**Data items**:

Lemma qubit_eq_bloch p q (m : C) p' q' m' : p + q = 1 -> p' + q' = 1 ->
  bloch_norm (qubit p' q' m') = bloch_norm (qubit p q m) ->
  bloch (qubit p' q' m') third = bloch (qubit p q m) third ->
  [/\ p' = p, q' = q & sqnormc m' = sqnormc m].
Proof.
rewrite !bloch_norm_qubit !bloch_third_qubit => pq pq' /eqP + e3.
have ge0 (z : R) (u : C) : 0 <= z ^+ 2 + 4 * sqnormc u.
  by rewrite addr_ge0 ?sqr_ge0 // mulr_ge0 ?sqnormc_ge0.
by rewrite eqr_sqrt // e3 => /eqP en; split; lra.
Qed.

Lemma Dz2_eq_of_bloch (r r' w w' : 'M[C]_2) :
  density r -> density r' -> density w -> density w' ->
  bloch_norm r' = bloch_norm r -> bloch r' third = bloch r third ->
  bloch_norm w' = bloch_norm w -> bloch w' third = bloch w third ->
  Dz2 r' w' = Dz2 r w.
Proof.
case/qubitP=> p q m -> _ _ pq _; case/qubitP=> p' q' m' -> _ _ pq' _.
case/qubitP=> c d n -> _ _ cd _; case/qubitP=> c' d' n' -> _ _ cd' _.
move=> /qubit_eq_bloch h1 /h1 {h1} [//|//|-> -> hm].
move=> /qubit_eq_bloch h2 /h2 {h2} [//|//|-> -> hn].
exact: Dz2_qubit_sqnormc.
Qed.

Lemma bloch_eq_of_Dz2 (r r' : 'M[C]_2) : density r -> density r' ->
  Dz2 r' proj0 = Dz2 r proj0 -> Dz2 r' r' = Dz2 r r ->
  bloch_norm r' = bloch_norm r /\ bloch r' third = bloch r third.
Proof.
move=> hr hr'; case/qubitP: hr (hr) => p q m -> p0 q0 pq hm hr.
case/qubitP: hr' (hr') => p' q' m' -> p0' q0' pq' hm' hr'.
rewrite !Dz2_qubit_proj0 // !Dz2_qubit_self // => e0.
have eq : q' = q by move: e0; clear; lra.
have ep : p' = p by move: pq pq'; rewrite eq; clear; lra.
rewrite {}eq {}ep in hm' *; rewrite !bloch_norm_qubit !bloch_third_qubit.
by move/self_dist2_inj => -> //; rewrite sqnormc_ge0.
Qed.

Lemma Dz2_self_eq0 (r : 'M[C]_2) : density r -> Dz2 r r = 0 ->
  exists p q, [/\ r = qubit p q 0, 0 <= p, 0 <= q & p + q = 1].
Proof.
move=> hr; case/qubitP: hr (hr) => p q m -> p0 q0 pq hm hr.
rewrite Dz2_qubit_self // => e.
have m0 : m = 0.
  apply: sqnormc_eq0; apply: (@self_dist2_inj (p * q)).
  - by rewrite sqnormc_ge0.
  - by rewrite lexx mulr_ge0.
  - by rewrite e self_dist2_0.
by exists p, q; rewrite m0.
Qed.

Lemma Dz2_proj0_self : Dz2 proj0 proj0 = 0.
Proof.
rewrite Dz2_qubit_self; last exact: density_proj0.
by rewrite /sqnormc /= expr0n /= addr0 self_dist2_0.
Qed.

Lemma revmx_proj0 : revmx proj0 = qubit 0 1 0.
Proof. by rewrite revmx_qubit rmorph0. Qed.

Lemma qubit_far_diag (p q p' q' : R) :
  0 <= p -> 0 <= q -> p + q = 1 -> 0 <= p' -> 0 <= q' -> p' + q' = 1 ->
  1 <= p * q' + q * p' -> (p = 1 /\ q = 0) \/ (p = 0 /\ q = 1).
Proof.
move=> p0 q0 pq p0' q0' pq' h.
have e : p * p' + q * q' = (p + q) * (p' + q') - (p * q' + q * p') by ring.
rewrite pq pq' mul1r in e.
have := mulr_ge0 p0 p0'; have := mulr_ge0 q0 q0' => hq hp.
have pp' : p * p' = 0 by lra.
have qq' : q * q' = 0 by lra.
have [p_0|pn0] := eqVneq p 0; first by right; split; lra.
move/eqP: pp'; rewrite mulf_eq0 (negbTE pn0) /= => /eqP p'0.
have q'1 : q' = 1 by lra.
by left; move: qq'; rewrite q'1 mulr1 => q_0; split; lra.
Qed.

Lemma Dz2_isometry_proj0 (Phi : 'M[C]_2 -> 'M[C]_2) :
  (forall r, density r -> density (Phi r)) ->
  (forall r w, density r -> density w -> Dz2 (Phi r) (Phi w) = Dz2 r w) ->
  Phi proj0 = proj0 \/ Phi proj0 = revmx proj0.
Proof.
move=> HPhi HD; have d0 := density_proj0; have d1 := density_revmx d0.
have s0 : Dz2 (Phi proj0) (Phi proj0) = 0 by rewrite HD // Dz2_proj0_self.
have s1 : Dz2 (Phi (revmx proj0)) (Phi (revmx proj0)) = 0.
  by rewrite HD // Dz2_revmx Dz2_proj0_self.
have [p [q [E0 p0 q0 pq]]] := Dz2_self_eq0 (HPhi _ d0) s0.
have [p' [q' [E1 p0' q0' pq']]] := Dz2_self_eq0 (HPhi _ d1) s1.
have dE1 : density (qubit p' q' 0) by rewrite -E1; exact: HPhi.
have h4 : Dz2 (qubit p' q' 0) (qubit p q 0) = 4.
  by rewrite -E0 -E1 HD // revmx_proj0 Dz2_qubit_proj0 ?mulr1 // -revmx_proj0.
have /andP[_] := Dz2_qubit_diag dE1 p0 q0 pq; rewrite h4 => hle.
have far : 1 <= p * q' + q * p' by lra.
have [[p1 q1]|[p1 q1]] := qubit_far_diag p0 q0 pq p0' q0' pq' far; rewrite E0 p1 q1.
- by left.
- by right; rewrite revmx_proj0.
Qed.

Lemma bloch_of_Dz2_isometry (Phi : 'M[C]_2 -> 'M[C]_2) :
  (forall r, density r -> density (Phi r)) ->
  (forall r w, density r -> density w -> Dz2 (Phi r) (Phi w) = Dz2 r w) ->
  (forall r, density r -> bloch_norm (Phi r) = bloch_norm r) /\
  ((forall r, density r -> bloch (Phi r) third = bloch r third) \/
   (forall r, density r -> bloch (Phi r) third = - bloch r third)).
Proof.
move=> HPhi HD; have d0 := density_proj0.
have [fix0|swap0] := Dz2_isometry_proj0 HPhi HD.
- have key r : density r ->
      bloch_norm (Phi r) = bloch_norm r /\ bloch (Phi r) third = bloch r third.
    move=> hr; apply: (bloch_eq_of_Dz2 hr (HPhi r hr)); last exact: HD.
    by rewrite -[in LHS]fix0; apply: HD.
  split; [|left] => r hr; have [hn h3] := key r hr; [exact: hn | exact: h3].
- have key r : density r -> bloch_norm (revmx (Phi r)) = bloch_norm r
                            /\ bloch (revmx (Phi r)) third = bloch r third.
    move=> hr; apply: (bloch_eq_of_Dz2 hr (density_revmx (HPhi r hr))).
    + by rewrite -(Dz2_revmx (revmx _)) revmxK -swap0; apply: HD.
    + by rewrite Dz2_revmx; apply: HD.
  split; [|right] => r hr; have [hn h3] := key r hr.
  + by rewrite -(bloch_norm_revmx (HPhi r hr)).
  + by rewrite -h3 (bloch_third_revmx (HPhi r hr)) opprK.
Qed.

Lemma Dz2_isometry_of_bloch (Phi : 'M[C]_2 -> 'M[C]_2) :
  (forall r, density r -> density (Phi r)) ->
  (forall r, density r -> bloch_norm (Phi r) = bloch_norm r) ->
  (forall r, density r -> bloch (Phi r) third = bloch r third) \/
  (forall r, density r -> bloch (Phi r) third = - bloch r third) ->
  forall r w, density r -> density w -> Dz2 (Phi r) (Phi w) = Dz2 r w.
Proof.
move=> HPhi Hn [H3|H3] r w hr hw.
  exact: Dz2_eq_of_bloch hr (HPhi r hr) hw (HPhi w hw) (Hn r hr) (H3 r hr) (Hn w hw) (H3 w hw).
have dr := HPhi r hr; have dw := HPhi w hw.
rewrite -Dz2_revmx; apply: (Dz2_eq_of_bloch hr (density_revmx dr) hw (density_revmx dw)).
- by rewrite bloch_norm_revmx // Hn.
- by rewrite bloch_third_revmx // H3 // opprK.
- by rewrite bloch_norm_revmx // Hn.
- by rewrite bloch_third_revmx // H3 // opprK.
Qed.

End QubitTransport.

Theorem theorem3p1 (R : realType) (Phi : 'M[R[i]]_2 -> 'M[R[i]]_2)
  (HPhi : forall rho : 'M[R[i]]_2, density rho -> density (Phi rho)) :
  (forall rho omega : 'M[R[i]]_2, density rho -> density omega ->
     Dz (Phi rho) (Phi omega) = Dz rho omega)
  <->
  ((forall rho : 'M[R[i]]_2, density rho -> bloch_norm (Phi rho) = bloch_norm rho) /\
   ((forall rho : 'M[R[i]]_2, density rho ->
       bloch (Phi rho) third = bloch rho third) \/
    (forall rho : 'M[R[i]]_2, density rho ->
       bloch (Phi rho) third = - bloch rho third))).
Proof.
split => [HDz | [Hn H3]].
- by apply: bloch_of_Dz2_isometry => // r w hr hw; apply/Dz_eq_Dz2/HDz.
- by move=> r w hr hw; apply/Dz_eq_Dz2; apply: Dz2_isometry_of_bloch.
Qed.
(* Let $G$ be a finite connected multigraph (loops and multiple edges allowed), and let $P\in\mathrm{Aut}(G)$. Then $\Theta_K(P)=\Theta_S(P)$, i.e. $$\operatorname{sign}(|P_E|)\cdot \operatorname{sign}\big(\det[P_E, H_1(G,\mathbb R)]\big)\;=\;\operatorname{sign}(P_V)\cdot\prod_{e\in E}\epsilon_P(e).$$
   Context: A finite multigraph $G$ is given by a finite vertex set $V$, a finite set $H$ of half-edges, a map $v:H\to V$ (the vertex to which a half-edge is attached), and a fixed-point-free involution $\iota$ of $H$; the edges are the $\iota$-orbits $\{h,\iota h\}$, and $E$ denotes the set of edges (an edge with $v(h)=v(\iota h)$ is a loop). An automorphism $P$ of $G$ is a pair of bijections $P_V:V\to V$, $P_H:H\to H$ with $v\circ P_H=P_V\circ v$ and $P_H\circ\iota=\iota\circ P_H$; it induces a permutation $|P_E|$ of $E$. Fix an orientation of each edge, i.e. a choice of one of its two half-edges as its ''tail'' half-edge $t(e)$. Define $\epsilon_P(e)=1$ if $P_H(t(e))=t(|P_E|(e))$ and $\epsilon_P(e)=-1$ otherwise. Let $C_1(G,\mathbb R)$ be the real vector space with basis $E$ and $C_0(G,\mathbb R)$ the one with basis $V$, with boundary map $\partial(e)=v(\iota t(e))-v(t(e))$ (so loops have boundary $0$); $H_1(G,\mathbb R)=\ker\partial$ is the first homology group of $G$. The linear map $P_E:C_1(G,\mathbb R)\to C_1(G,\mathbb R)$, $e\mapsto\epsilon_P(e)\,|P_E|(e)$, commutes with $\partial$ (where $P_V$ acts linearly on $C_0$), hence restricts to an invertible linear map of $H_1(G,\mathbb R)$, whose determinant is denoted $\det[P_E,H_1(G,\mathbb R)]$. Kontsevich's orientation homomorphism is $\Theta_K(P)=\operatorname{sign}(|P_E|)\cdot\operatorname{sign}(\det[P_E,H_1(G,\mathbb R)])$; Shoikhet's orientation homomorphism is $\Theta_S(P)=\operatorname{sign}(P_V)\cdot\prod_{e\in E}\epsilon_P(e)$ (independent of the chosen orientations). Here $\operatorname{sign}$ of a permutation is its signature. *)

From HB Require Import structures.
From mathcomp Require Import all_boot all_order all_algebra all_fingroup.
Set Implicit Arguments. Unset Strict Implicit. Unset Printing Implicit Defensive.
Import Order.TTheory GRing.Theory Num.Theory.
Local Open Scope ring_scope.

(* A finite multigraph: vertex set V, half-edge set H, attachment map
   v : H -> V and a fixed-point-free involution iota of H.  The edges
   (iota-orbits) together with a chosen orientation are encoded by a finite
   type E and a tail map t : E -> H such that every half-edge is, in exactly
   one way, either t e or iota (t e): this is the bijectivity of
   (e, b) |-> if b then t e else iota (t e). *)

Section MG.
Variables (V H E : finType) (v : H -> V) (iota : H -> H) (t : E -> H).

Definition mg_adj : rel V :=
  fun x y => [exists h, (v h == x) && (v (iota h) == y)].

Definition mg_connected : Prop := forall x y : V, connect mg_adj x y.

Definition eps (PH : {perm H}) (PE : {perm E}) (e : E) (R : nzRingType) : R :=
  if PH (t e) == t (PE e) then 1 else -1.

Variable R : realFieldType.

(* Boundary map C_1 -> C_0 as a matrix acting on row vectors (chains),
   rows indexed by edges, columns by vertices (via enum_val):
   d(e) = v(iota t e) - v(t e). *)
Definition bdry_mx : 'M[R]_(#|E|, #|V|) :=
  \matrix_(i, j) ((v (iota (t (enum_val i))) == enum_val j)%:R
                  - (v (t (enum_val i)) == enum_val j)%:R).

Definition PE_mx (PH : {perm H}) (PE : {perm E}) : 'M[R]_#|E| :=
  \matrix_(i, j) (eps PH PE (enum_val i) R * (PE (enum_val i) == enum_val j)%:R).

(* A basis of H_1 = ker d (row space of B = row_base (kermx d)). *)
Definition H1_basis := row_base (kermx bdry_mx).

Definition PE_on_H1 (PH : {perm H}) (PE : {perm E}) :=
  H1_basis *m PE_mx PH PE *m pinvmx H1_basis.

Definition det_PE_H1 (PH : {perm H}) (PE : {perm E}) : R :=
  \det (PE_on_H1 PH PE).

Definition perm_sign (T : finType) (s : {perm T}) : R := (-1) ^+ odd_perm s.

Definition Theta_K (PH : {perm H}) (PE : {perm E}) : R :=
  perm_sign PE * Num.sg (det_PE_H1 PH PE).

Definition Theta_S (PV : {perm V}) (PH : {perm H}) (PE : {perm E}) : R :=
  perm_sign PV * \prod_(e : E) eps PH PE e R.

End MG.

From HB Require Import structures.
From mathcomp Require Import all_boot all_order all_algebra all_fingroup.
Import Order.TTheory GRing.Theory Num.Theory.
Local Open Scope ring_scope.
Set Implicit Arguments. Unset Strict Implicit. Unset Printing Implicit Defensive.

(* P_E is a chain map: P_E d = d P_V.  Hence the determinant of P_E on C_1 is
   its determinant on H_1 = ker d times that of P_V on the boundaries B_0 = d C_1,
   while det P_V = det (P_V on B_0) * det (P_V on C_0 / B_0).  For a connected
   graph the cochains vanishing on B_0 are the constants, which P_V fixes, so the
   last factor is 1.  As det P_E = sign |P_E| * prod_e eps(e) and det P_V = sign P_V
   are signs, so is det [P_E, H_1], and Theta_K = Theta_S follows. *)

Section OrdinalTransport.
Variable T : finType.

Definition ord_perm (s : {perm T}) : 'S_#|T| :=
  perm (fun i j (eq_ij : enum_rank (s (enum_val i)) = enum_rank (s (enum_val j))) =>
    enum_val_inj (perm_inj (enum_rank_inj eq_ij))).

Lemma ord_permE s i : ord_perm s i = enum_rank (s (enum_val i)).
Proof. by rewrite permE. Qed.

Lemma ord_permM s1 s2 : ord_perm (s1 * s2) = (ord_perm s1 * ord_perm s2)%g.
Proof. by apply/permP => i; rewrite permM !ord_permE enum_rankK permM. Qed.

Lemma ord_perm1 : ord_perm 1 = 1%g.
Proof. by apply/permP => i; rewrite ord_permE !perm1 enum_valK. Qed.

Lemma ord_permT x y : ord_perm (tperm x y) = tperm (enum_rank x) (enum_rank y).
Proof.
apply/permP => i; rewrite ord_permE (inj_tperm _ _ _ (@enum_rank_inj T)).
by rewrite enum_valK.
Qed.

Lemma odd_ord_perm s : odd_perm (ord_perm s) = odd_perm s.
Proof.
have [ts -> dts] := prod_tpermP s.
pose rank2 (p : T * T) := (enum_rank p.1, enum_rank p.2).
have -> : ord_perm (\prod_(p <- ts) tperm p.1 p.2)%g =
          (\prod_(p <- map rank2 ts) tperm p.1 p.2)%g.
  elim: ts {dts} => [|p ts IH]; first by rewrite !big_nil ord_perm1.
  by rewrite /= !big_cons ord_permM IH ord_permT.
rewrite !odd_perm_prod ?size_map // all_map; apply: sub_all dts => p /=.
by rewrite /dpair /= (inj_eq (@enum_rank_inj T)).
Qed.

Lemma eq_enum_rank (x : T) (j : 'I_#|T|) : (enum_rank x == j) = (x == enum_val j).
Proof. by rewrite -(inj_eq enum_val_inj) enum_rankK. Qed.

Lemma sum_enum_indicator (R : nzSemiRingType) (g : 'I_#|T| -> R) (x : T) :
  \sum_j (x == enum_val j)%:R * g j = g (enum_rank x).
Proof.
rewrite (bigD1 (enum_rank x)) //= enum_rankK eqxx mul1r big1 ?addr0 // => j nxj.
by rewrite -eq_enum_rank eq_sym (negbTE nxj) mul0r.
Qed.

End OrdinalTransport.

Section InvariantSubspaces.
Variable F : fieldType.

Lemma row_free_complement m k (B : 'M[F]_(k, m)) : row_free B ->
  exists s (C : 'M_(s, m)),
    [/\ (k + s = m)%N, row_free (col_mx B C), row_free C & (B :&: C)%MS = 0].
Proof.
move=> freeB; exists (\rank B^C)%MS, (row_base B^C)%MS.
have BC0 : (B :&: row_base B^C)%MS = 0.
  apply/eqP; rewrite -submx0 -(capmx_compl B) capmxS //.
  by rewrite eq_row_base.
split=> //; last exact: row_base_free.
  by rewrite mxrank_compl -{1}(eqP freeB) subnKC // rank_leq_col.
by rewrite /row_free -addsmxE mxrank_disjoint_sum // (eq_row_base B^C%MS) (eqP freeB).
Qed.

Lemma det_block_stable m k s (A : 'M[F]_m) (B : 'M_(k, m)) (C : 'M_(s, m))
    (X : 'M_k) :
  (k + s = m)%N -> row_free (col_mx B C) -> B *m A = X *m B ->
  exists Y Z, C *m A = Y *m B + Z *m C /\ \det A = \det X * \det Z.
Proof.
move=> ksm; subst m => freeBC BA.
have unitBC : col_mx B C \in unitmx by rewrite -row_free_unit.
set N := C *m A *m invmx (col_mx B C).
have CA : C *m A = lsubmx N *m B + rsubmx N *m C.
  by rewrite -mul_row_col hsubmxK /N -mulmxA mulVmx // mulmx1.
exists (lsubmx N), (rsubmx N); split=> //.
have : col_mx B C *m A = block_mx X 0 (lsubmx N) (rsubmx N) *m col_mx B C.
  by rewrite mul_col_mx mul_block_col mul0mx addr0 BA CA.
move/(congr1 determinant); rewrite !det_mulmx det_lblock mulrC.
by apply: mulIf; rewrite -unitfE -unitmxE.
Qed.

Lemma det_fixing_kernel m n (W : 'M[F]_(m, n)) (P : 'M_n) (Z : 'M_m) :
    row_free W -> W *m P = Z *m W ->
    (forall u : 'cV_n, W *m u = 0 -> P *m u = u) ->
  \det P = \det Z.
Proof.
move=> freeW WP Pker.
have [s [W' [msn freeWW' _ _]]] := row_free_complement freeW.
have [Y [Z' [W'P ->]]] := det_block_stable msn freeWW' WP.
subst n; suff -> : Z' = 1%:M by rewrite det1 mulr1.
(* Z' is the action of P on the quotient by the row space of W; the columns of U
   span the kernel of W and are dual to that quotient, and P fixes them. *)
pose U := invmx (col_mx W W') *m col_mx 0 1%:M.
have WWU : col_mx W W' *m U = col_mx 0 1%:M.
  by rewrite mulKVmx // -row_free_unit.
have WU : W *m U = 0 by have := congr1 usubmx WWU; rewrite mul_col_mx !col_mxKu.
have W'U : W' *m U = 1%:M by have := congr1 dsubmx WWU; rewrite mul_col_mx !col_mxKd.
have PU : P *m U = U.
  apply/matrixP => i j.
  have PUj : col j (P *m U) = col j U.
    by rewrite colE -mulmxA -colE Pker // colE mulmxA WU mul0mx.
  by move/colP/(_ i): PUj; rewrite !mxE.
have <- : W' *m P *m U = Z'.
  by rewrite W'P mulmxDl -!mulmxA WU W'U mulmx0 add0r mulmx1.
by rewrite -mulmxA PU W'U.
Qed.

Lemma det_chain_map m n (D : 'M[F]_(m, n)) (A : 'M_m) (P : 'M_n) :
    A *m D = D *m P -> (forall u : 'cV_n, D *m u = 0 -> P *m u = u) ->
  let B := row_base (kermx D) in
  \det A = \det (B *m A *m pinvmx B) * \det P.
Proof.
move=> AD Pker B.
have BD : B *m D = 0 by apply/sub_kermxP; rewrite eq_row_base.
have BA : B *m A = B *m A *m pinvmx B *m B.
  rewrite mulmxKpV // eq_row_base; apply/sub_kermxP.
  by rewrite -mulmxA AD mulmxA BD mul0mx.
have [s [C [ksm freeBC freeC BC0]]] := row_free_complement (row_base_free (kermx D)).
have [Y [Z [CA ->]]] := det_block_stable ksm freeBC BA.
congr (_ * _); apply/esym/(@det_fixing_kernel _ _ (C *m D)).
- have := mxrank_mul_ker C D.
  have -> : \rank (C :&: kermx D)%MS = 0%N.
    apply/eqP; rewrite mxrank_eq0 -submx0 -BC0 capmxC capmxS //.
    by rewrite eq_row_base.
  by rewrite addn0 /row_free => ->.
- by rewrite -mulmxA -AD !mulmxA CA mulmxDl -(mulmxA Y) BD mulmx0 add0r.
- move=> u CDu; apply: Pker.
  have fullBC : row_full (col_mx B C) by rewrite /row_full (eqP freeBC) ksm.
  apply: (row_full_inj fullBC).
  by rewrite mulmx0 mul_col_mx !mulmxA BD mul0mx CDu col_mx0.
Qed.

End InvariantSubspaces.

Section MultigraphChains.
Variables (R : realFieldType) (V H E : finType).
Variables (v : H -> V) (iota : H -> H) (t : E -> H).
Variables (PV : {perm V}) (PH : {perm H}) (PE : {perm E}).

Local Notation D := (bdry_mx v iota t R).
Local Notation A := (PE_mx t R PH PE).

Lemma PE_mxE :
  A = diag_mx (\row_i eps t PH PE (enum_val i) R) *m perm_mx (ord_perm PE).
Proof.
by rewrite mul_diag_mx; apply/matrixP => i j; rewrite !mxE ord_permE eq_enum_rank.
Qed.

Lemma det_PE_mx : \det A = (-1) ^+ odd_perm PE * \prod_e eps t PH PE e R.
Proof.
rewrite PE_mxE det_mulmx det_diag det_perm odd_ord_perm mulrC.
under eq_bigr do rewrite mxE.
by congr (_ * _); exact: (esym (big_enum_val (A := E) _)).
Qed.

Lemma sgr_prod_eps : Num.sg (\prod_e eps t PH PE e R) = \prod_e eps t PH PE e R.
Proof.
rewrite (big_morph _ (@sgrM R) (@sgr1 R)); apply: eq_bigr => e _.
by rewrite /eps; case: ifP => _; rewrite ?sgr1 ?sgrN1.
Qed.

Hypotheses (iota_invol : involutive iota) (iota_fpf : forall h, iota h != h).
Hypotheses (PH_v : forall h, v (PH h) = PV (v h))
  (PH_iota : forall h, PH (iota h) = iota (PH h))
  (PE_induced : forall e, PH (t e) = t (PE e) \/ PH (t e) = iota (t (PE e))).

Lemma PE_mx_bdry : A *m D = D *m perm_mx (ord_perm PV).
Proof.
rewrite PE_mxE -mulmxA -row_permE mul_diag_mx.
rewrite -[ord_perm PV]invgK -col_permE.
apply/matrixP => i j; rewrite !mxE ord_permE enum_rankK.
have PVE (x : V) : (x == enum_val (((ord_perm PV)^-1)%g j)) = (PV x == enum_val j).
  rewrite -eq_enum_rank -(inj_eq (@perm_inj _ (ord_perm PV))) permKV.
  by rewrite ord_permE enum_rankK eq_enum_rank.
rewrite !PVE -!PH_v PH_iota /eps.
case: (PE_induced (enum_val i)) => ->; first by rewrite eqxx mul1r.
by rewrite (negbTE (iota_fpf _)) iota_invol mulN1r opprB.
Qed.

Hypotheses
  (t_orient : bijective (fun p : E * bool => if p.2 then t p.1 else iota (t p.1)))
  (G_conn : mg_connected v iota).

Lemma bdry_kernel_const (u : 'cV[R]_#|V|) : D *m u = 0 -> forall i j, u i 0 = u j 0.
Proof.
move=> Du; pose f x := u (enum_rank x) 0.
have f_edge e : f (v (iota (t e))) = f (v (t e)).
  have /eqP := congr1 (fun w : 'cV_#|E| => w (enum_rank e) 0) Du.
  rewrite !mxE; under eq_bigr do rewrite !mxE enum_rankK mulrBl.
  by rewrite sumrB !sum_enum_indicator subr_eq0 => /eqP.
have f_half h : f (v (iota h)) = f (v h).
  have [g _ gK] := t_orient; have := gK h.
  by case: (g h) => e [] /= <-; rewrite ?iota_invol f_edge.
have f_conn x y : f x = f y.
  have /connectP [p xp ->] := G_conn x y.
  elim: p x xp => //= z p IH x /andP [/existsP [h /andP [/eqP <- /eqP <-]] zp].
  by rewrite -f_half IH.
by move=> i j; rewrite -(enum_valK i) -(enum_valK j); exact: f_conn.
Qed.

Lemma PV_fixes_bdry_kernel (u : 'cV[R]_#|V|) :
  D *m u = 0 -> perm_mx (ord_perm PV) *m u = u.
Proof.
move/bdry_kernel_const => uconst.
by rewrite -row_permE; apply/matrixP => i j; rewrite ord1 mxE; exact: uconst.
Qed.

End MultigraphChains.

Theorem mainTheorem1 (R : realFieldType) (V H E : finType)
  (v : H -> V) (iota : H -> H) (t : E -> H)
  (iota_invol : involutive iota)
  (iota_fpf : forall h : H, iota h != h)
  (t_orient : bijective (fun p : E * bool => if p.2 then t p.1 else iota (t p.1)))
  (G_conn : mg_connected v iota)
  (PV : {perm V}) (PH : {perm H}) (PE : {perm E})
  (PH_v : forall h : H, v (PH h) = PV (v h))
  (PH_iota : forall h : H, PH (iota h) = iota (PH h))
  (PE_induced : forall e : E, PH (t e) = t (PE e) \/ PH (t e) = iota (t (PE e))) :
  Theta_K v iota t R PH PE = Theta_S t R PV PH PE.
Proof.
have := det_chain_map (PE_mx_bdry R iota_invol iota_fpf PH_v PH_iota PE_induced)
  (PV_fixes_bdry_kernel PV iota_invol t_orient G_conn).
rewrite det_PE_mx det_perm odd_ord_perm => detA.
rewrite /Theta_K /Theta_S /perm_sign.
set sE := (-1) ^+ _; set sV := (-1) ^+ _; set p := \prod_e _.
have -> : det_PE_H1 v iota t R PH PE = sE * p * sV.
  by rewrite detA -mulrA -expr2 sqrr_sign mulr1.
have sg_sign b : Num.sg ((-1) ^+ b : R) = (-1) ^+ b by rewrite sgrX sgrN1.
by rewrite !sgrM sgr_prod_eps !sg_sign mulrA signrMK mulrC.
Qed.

**What you will do**:
Repeat the entries above verbatim, but only from the line that has "Lemma odd_ord_perm s" down to the line that has "exists s (C", inclusive.

**Your solution**:
Lemma odd_ord_perm s : odd_perm (ord_perm s) = odd_perm s.
Proof.
have [ts -> dts] := prod_tpermP s.
pose rank2 (p : T * T) := (enum_rank p.1, enum_rank p.2).
have -> : ord_perm (\prod_(p <- ts) tperm p.1 p.2)%g =
          (\prod_(p <- map rank2 ts) tperm p.1 p.2)%g.
  elim: ts {dts} => [|p ts IH]; first by rewrite !big_nil ord_perm1.
  by rewrite /= !big_cons ord_permM IH ord_permT.
rewrite !odd_perm_prod ?size_map // all_map; apply: sub_all dts => p /=.
by rewrite /dpair /= (inj_eq (@enum_rank_inj T)).
Qed.

Lemma eq_enum_rank (x : T) (j : 'I_#|T|) : (enum_rank x == j) = (x == enum_val j).
Proof. by rewrite -(inj_eq enum_val_inj) enum_rankK. Qed.

Lemma sum_enum_indicator (R : nzSemiRingType) (g : 'I_#|T| -> R) (x : T) :
  \sum_j (x == enum_val j)%:R * g j = g (enum_rank x).
Proof.
rewrite (bigD1 (enum_rank x)) //= enum_rankK eqxx mul1r big1 ?addr0 // => j nxj.
by rewrite -eq_enum_rank eq_sym (negbTE nxj) mul0r.
Qed.

End OrdinalTransport.

Section InvariantSubspaces.
Variable F : fieldType.

Lemma row_free_complement m k (B : 'M[F]_(k, m)) : row_free B ->
  exists s (C : 'M_(s, m)),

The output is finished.